***** INPUT *****

(* Let $n\in\mathbb{Z}$ and let $x^n$ denote the $n$-th power of the invertible dot $x$ in $\mathrm{QAW}(A;z)$ (so $x^n$ is a power of $x^{-1}$ if $n<0$). In $\mathrm{End}_{\mathrm{QAW}(A;z)}(\uparrow\otimes\uparrow)$ the following hold, where $T:=z\sum_{b\in B_A}\tau_b\otimes\tau_{b^\vee}$: (i) $S\circ(1\otimes x^n)=(x^n\otimes 1)\circ S^- -\sum_{r+s=n,\ r,s>0}(x^r\otimes x^s)\circ T$ if $n>0$, and $S\circ(1\otimes x^n)=(x^n\otimes 1)\circ S^- +\sum_{r+s=n,\ r,s\le 0}(x^r\otimes x^s)\circ T$ if $n\le 0$; (ii) $S\circ(x^n\otimes 1)=(1\otimes x^n)\circ S^- +\sum_{r+s=n,\ r,s\ge 0}(x^r\otimes x^s)\circ T$ if $n\ge 0$, and $S\circ(x^n\otimes 1)=(1\otimes x^n)\circ S^- -\sum_{r+s=n,\ r,s<0}(x^r\otimes x^s)\circ T$ if $n<0$; (iii) $S^-\circ(x^n\otimes 1)=(1\otimes x^n)\circ S +\sum_{r+s=n,\ r,s>0}(x^r\otimes x^s)\circ T$ if $n>0$, and $S^-\circ(x^n\otimes 1)=(1\otimes x^n)\circ S -\sum_{r+s=n,\ r,s\le 0}(x^r\otimes x^s)\circ T$ if $n\le 0$; (iv) $S^-\circ(1\otimes x^n)=(x^n\otimes 1)\circ S -\sum_{r+s=n,\ r,s\ge 0}(x^r\otimes x^s)\circ T$ if $n\ge 0$, and $S^-\circ(1\otimes x^n)=(x^n\otimes 1)\circ S +\sum_{r+s=n,\ r,s<0}(x^r\otimes x^s)\circ T$ if $n<0$. (All sums are over pairs of integers $(r,s)$.)
   Context: Let $\Bbbk$ be a commutative ring, $z\in\Bbbk^\times$, and $A$ a symmetric Frobenius superalgebra over $\Bbbk$: it has an even trace $\mathrm{tr}:A\to\Bbbk$ with $\mathrm{tr}(ab)=(-1)^{\bar a\bar b}\mathrm{tr}(ba)$, a homogeneous basis $B_A$ and a left dual basis $\{b^\vee\}$ with $\mathrm{tr}(b^\vee c)=\delta_{b,c}$. Monoidal supercategories satisfy the super interchange law $(f'\otimes g)\circ(f\otimes g')=(-1)^{\bar f\bar g}(f'\circ f)\otimes(g\circ g')$. The quantum affine wreath product category $\mathrm{QAW}(A;z)$ is the strict $\Bbbk$-linear monoidal supercategory generated by one object $\uparrow$ and morphisms: even $S,S^-:\uparrow\otimes\uparrow\to\uparrow\otimes\uparrow$ (positive and negative crossing), $\tau_a:\uparrow\to\uparrow$ of parity $\bar a$ for $a\in A$ (tokens), and an even invertible $x:\uparrow\to\uparrow$ (dot), subject to: $a\mapsto\tau_a$ is a unital superalgebra homomorphism $A\to\mathrm{End}(\uparrow)$; $S\circ S^-=S^-\circ S=1_{\uparrow\otimes\uparrow}$; $(S\otimes 1)(1\otimes S)(S\otimes 1)=(1\otimes S)(S\otimes 1)(1\otimes S)$; $S\circ(\tau_a\otimes 1)=(1\otimes\tau_a)\circ S$ and $S^-\circ(\tau_a\otimes 1)=(1\otimes\tau_a)\circ S^-$; $S-S^-=z\sum_{b\in B_A}\tau_b\otimes\tau_{b^\vee}$; $x\circ\tau_a=\tau_a\circ x$; $S\circ(1\otimes x)=(x\otimes1)\circ S^-$ and $S^-\circ(x\otimes 1)=(1\otimes x)\circ S$. *)

(* Quantum affine wreath product category QAW(A;z),
   rendered through its universal property: a statement about QAW(A;z)
   is stated for every strict k-linear monoidal supercategory generated
   (as far as objects go) by one object, equipped with morphisms S, S^-,
   tau_a, x (and x^{-1}) satisfying the defining relations of QAW(A;z).
   QAW(A;z) is itself such a model, and it is the initial one. *)
From HB Require Import structures.
From mathcomp Require Import all_boot all_order all_algebra.
Set Implicit Arguments. Unset Strict Implicit. Unset Printing Implicit Defensive.
Import GRing.Theory.
Local Open Scope ring_scope.

Definition sgn (R : pzRingType) (b : bool) : R := if b then -1 else 1.

(* V = V_0 (+) V_1 as a super k-module; par p v means "v is homogeneous of parity p" *)
Definition graded (k : pzRingType) (V : lmodType k) (par : bool -> pred V) : Prop :=
  [/\ (forall p, par p 0),
      (forall p (a : k) (u v : V), par p u -> par p v -> par p (a *: u + v)),
      (forall v : V, exists v0 v1, [/\ par false v0, par true v1 & v = v0 + v1]) &
      (forall v : V, par false v -> par true v -> v = 0)].

Definition is_superalg (k : comPzRingType) (A : algType k) (par : bool -> pred A) : Prop :=
  [/\ graded par, par false 1 &
      (forall p q (a b : A), par p a -> par q b -> par (p (+) q) (a * b))].

(* symmetric Frobenius superalgebra data: even trace tr, homogeneous basis bA
   (indexed by 'I_nB), left dual basis bAv with tr (bAv i * bA j) = delta_ij *)
Definition is_symm_frobenius (k : comPzRingType) (A : algType k) (par : bool -> pred A)
    (tr : A -> k) (nB : nat) (bA bAv : 'I_nB -> A) : Prop :=
  [/\ is_superalg par,
      (forall (c : k) (u v : A), tr (c *: u + v) = c * tr u + tr v),
      (forall a : A, par true a -> tr a = 0) &
      (forall p q (a b : A), par p a -> par q b -> tr (a * b) = sgn k (p && q) * tr (b * a))] /\
  [/\ (forall i, exists p, par p (bA i)),
      (forall c : 'I_nB -> k, \sum_i c i *: bA i = 0 -> forall i, c i = 0),
      (forall a : A, exists c : 'I_nB -> k, a = \sum_i c i *: bA i) &
      (forall i j, tr (bAv i * bA j) = (i == j)%:R)].

(* A strict k-linear monoidal supercategory whose objects are the tensor powers
   of one object: object n = (up)^{(x) n}, with tensor on objects given by +. *)
Record msupercat (k : pzRingType) := MSupercat {
  Mor : nat -> nat -> lmodType k;
  mpar : forall m n, bool -> pred (Mor m n);
  mcomp : forall m n p, Mor n p -> Mor m n -> Mor m p;   (* mcomp g f = g o f *)
  midm : forall n, Mor n n;
  mtens : forall m n m' n', Mor m n -> Mor m' n' -> Mor (m + m') (n + n')
}.
Arguments mcomp {k} m0 {m n p} : rename.
Arguments midm {k} m0 n : rename.
Arguments mtens {k} m0 {m n m' n'} : rename.
Arguments mpar {k} m0 {m n} : rename.

Definition castH (H : nat -> nat -> Type) m n m' n' (em : m = m') (en : n = n')
  (f : H m n) : H m' n' := match em, en with erefl, erefl => f end.

Definition is_msupercat (k : pzRingType) (C : msupercat k) : Prop :=
  [/\ [/\ (forall m n, graded (@mpar k C m n)),
      (forall m n p (a : k) (g g' : Mor C n p) (f : Mor C m n),
          mcomp C (a *: g + g') f = a *: mcomp C g f + mcomp C g' f),
      (forall m n p (a : k) (g : Mor C n p) (f f' : Mor C m n),
          mcomp C g (a *: f + f') = a *: mcomp C g f + mcomp C g f'),
      (forall m n p q (h : Mor C p q) (g : Mor C n p) (f : Mor C m n),
          mcomp C h (mcomp C g f) = mcomp C (mcomp C h g) f) &
      (forall m n (f : Mor C m n), mcomp C (midm C n) f = f /\ mcomp C f (midm C m) = f)],
      (forall m n p b c (g : Mor C n p) (f : Mor C m n),
          mpar C b f -> mpar C c g -> mpar C (b (+) c) (mcomp C g f)),
      (forall n, mpar C false (midm C n)),
      (forall m n m' n' (a : k) (f f' : Mor C m n) (g : Mor C m' n'),
          mtens C (a *: f + f') g = a *: mtens C f g + mtens C f' g) /\
      (forall m n m' n' (a : k) (f : Mor C m n) (g g' : Mor C m' n'),
          mtens C f (a *: g + g') = a *: mtens C f g + mtens C f g') &
      [/\ (forall m n m' n' b c (f : Mor C m n) (g : Mor C m' n'),
            mpar C b f -> mpar C c g -> mpar C (b (+) c) (mtens C f g)),
          (forall m n, mtens C (midm C m) (midm C n) = midm C (m + n)),
          (forall a b c d e h bf bg (f : Mor C a b) (f' : Mor C b c)
                  (g' : Mor C d e) (g : Mor C e h),
              mpar C bf f -> mpar C bg g ->
              mcomp C (mtens C f' g) (mtens C f g') =
              sgn k (bf && bg) *: mtens C (mcomp C f' f) (mcomp C g g')),
          (forall m n m' n' m'' n'' (f : Mor C m n) (g : Mor C m' n') (h : Mor C m'' n''),
              castH (H := Mor C) (addnA m m' m'') (addnA n n' n'') (mtens C f (mtens C g h))
              = mtens C (mtens C f g) h) &
          (forall m n (f : Mor C m n),
              mtens C (midm C 0) f = f /\
              castH (H := Mor C) (addn0 m) (addn0 n) (mtens C f (midm C 0)) = f)]].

*****

== EXERCISE BRIEF ==
Nothing but the lines above from the one containing "From mathcomp Require" through the one containing "mpar : forall m n, bool -> pred (Mor m n);" should appear in the answer, each repeated exactly.

== RESULT OF THIS TASK ==
From mathcomp Require Import all_boot all_order all_algebra.
Set Implicit Arguments. Unset Strict Implicit. Unset Printing Implicit Defensive.
Import GRing.Theory.
Local Open Scope ring_scope.

Definition sgn (R : pzRingType) (b : bool) : R := if b then -1 else 1.

(* V = V_0 (+) V_1 as a super k-module; par p v means "v is homogeneous of parity p" *)
Definition graded (k : pzRingType) (V : lmodType k) (par : bool -> pred V) : Prop :=
  [/\ (forall p, par p 0),
      (forall p (a : k) (u v : V), par p u -> par p v -> par p (a *: u + v)),
      (forall v : V, exists v0 v1, [/\ par false v0, par true v1 & v = v0 + v1]) &
      (forall v : V, par false v -> par true v -> v = 0)].

Definition is_superalg (k : comPzRingType) (A : algType k) (par : bool -> pred A) : Prop :=
  [/\ graded par, par false 1 &
      (forall p q (a b : A), par p a -> par q b -> par (p (+) q) (a * b))].

(* symmetric Frobenius superalgebra data: even trace tr, homogeneous basis bA
   (indexed by 'I_nB), left dual basis bAv with tr (bAv i * bA j) = delta_ij *)
Definition is_symm_frobenius (k : comPzRingType) (A : algType k) (par : bool -> pred A)
    (tr : A -> k) (nB : nat) (bA bAv : 'I_nB -> A) : Prop :=
  [/\ is_superalg par,
      (forall (c : k) (u v : A), tr (c *: u + v) = c * tr u + tr v),
      (forall a : A, par true a -> tr a = 0) &
      (forall p q (a b : A), par p a -> par q b -> tr (a * b) = sgn k (p && q) * tr (b * a))] /\
  [/\ (forall i, exists p, par p (bA i)),
      (forall c : 'I_nB -> k, \sum_i c i *: bA i = 0 -> forall i, c i = 0),
      (forall a : A, exists c : 'I_nB -> k, a = \sum_i c i *: bA i) &
      (forall i j, tr (bAv i * bA j) = (i == j)%:R)].

(* A strict k-linear monoidal supercategory whose objects are the tensor powers
   of one object: object n = (up)^{(x) n}, with tensor on objects given by +. *)
Record msupercat (k : pzRingType) := MSupercat {
  Mor : nat -> nat -> lmodType k;
  mpar : forall m n, bool -> pred (Mor m n);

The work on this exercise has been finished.